[RECORDS TO PROCESS]
Theorem theorem3p3 (N d k : nat) (D : {set {set 'I_N}})
    (V : {set {set 'I_N} * {set 'I_N}}) (sigma0 tau0 : {set 'I_N})
    (P : seq ({set 'I_N} * {set 'I_N})) :
  is_complex D -> complex_dim D d -> gradient D V ->
  (1 <= k <= d)%N ->
  crit D V k.+1 sigma0 -> crit D V k tau0 ->
  is_traj V k.+1 sigma0 P tau0 ->
  (forall P', is_traj V k.+1 sigma0 P' tau0 -> P' = P) ->
  let W := cancelW V sigma0 P tau0 in
  [/\ (* (1) *)
      forall q : nat, (k.+1 < q)%N \/ (q.+1 < k)%N ->
        [/\ forall s, crit D W q s = crit D V q s,
            forall s, crit D W q.+1 s = crit D V q.+1 s &
            forall c, cobd D W q c = cobd D V q c],
      (* (2) *)
      forall beta, crit D W k.-1 beta ->
        cobd D W k.-1 (basis_chain beta)
        = [ffun t => if t == tau0 then 0 else cobd D V k.-1 (basis_chain beta) t],
      (* (3) *)
      [/\ forall s, crit D W k.+1 s -> crit D V k.+1 s,
          forall s, crit D W k.+2 s = crit D V k.+2 s &
          forall c, inC D W k.+1 c -> cobd D W k.+1 c = cobd D V k.+1 c] &
      (* (4) *)
      forall tau, crit D V k tau -> tau != tau0 ->
        cobd D W k (basis_chain tau)
        = [ffun s => if crit D V k.+1 s && (s != sigma0) then
              cobd D V k (basis_chain tau) s
              - cobd D V k (basis_chain tau0) sigma0
                * cobd D V k (basis_chain tau) sigma0
                * cobd D V k (basis_chain tau0) s
            else 0]].
Proof.
move=> _ _ gr /andP[k_gt0 _] cs ct tr un W; split.
- move=> q hq; split; last exact: (cobd_W_far gr k_gt0 cs ct tr).
  + by move=> s; apply: (crit_W_off_level gr k_gt0 cs ct tr); lia.
  + by move=> s; apply: (crit_W_off_level gr k_gt0 cs ct tr); lia.
- exact: (cobd_W_below gr k_gt0 cs ct tr).
- split=> [s|s|]; last exact: (cobd_W_above gr k_gt0 cs ct tr).
  + by rewrite (crit_W_upper_level gr k_gt0 cs ct tr) => /andP[].
  + by apply: (crit_W_off_level gr k_gt0 cs ct tr); lia.
- exact: (cobd_W_level gr k_gt0 cs ct tr un).
Qed.
Lemma gaussian_ratio_ge1 (x : R) : 0 <= x <= 1 -> 1 <= gaussian_ratio x.
Proof.
move=> /andP[x0 x1].
have s0 : 0 < Num.sqrt (1 + x ^+ 2) by rewrite sqrtr_gt0 ltr_pwDl ?sqr_ge0.
have : x ^+ 2 <= 1 by rewrite expr_le1.
by rewrite /gaussian_ratio ler_pdivlMr // mul1r ler_sqrt; lra.
Qed.

Lemma gaussian_ratio_le2 (x : R) : gaussian_ratio x <= 2.
Proof.
have := gaussian_ratio_ge0 x; have := gaussian_ratio_sqr x.
have : 2 / (1 + x ^+ 2) <= 2.
  by rewrite ler_pdivrMr ?ltr_pwDl ?sqr_ge0 //; have := sqr_ge0 x; lra.
nra.
Qed.

Lemma gaussian_ratio_sqr_sub (x y : R) : 0 <= x -> x <= y ->
  gaussian_ratio x ^+ 2 - gaussian_ratio y ^+ 2 <= 2 * (y ^+ 2 - x ^+ 2).
Proof.
move=> x0 xy; rewrite !gaussian_ratio_sqr.
have hx : 0 < 1 + x ^+ 2 by rewrite ltr_pwDl ?sqr_ge0.
have hy : 0 < 1 + y ^+ 2 by rewrite ltr_pwDl ?sqr_ge0.
have -> : 2 / (1 + x ^+ 2) - 2 / (1 + y ^+ 2) =
    2 * (y ^+ 2 - x ^+ 2) / ((1 + x ^+ 2) * (1 + y ^+ 2)).
  by field; rewrite !lt0r_neq0.
have d : 0 <= y ^+ 2 - x ^+ 2 by rewrite subr_ge0 ler_pXn2r ?nnegrE //; lra.
have g : 1 <= (1 + x ^+ 2) * (1 + y ^+ 2).
  by rewrite -[leLHS]mulr1 ler_pM ?lerDl ?sqr_ge0.
by rewrite ler_pdivrMr ?mulr_gt0 //; nra.
Qed.

Lemma gaussian_ratio_lipschitz (x y : R) : 0 < x -> x < y -> y <= 1 ->
  gaussian_ratio x - gaussian_ratio y <= 2 * (y - x).
Proof.
move=> x0 xy y1.
have rx : 1 <= gaussian_ratio x by rewrite gaussian_ratio_ge1 //; lra.
have ry : 1 <= gaussian_ratio y by rewrite gaussian_ratio_ge1 //; lra.
have d := gaussian_ratio_sqr_sub x y (ltW x0) (ltW xy).
have : y ^+ 2 - x ^+ 2 <= 2 * (y - x).
  have -> : y ^+ 2 - x ^+ 2 = (y - x) * (y + x) by ring.
  by rewrite mulrC ler_pM2r; lra.
nra.
Qed.

(* sqrt (1 + x^2) / x decreases to 1 and equals sqrt 5 / 2 at x = 2, while
   (sqrt 5 / 2)^3 < sqrt 2 with little room to spare. *)
Lemma sqrt_1_add_sqr_le (x : R) : 2 <= x -> Num.sqrt (1 + x ^+ 2) <= Num.sqrt 5 / 2 * x.
Proof.
move=> x2; have c0 : 0 <= Num.sqrt 5 / 2 * x :> R by rewrite mulr_ge0 ?divr_ge0 //; lra.
rewrite -(ger0_norm c0) -sqrtr_sqr ler_sqrt ?sqr_ge0 //.
rewrite exprMn expr_div_n sqr_sqrtr //; nra.
Qed.

Lemma half_sqrt5_cube_le_sqrt2 : (Num.sqrt 5 / 2) ^+ 3 <= Num.sqrt 2 :> R.
Proof.
rewrite -(@ler_pXn2r _ 2) ?nnegrE ?exprn_ge0 ?divr_ge0 ?sqrtr_ge0 //.
rewrite sqr_sqrtr // -exprM mulnC exprM expr_div_n sqr_sqrtr //; lra.
Qed.

Lemma sqrt_1_add_sqr_cubic_le (x y : R) : 2 <= x -> x <= y ->
  Num.sqrt (1 + x ^+ 2) * Num.sqrt (1 + y ^+ 2) *
    (Num.sqrt (1 + x ^+ 2) + Num.sqrt (1 + y ^+ 2)) <=
  Num.sqrt 2 * (x * y * (x + y)).
Proof.
move=> x2 xy; set A := Num.sqrt (1 + x ^+ 2); set B := Num.sqrt (1 + y ^+ 2).
have Ax : A <= Num.sqrt 5 / 2 * x := sqrt_1_add_sqr_le x x2.
have By : B <= Num.sqrt 5 / 2 * y := sqrt_1_add_sqr_le y (le_trans x2 xy).
set c := Num.sqrt 5 / 2 in Ax By.
have c0 : 0 <= c by rewrite divr_ge0 ?sqrtr_ge0.
have xyz : 0 <= x * y * (x + y) by rewrite !mulr_ge0 ?addr_ge0 //; lra.
apply: (@le_trans _ _ (c ^+ 3 * (x * y * (x + y)))); last first.
  exact: ler_wpM2r half_sqrt5_cube_le_sqrt2.
have -> : c ^+ 3 * (x * y * (x + y)) = (c * x) * (c * y) * (c * x + c * y) by ring.
have AB : A * B <= (c * x) * (c * y) by apply: ler_pM; rewrite ?sqrtr_ge0.
by apply: ler_pM; rewrite ?mulr_ge0 ?addr_ge0 ?sqrtr_ge0 ?lerD.
Qed.

Lemma gaussian_ratio_slope (x y : R) : 2 <= x -> x < y ->
  x^-1 - y^-1 <= gaussian_ratio x - gaussian_ratio y.
Proof.
move=> x2 xy; have x0 : 0 < x by lra.
have y0 : 0 < y by lra.
have ABbound := sqrt_1_add_sqr_cubic_le x y x2 (ltW xy).
rewrite /gaussian_ratio; move: ABbound.
set A := Num.sqrt (1 + x ^+ 2); set B := Num.sqrt (1 + y ^+ 2) => ABbound.
have A0 : 0 < A by rewrite sqrtr_gt0 ltr_pwDl ?sqr_ge0.
have B0 : 0 < B by rewrite sqrtr_gt0 ltr_pwDl ?sqr_ge0.
have -> : x^-1 - y^-1 = (y - x) / (x * y) by field; rewrite !lt0r_neq0.
have -> : Num.sqrt 2 / A - Num.sqrt 2 / B =
    Num.sqrt 2 * (B ^+ 2 - A ^+ 2) / (A * B * (A + B)).
  by field; rewrite !lt0r_neq0 // addr_gt0.
rewrite !sqr_sqrtr ?addr_ge0 ?sqr_ge0 //.
rewrite ler_pdivrMr ?mulr_gt0 // mulrAC ler_pdivlMr ?mulr_gt0 ?addr_gt0 //.
have yx : 0 <= y - x by lra.
have := ler_wpM2l yx ABbound.
nra.
Qed.

Lemma gaussian_kernel_normal_pdf : @gaussian_kernel R = normal_pdf 0 1.
Proof.
apply/funext => u; rewrite normal_pdfE ?oner_neq0 // /normal_peak /normal_fun.
rewrite subr0 expr1n mul1r mulrC /gaussian_kernel.
by congr (_ / Num.sqrt _); rewrite mulr_natl.
Qed.

Lemma gaussian_assumption_K0 : assumption_K0 (@gaussian_kernel R).
Proof.
split.
- rewrite gaussian_kernel_normal_pdf -[RHS](integral_normal_pdf 0 (1 : R)).
  by apply: eq_integral => u _; rewrite ger0_norm ?normal_pdf_ge0.
- under eq_integral => u _ do rewrite expr2 -{2}[u]mul1r.
  by rewrite integral_gaussian_kernel_mul ltry.
- by move=> x x01; rewrite gaussian_inner_ratio gaussian_ratio_ge1.
Qed.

[HOW TO COMPLETE THIS TASK] Where a line of the material above holds the string "then", copy that line.

[ANSWER BOX]
        = [ffun t => if t == tau0 then 0 else cobd D V k.-1 (basis_chain beta) t],
        = [ffun s => if crit D V k.+1 s && (s != sigma0) then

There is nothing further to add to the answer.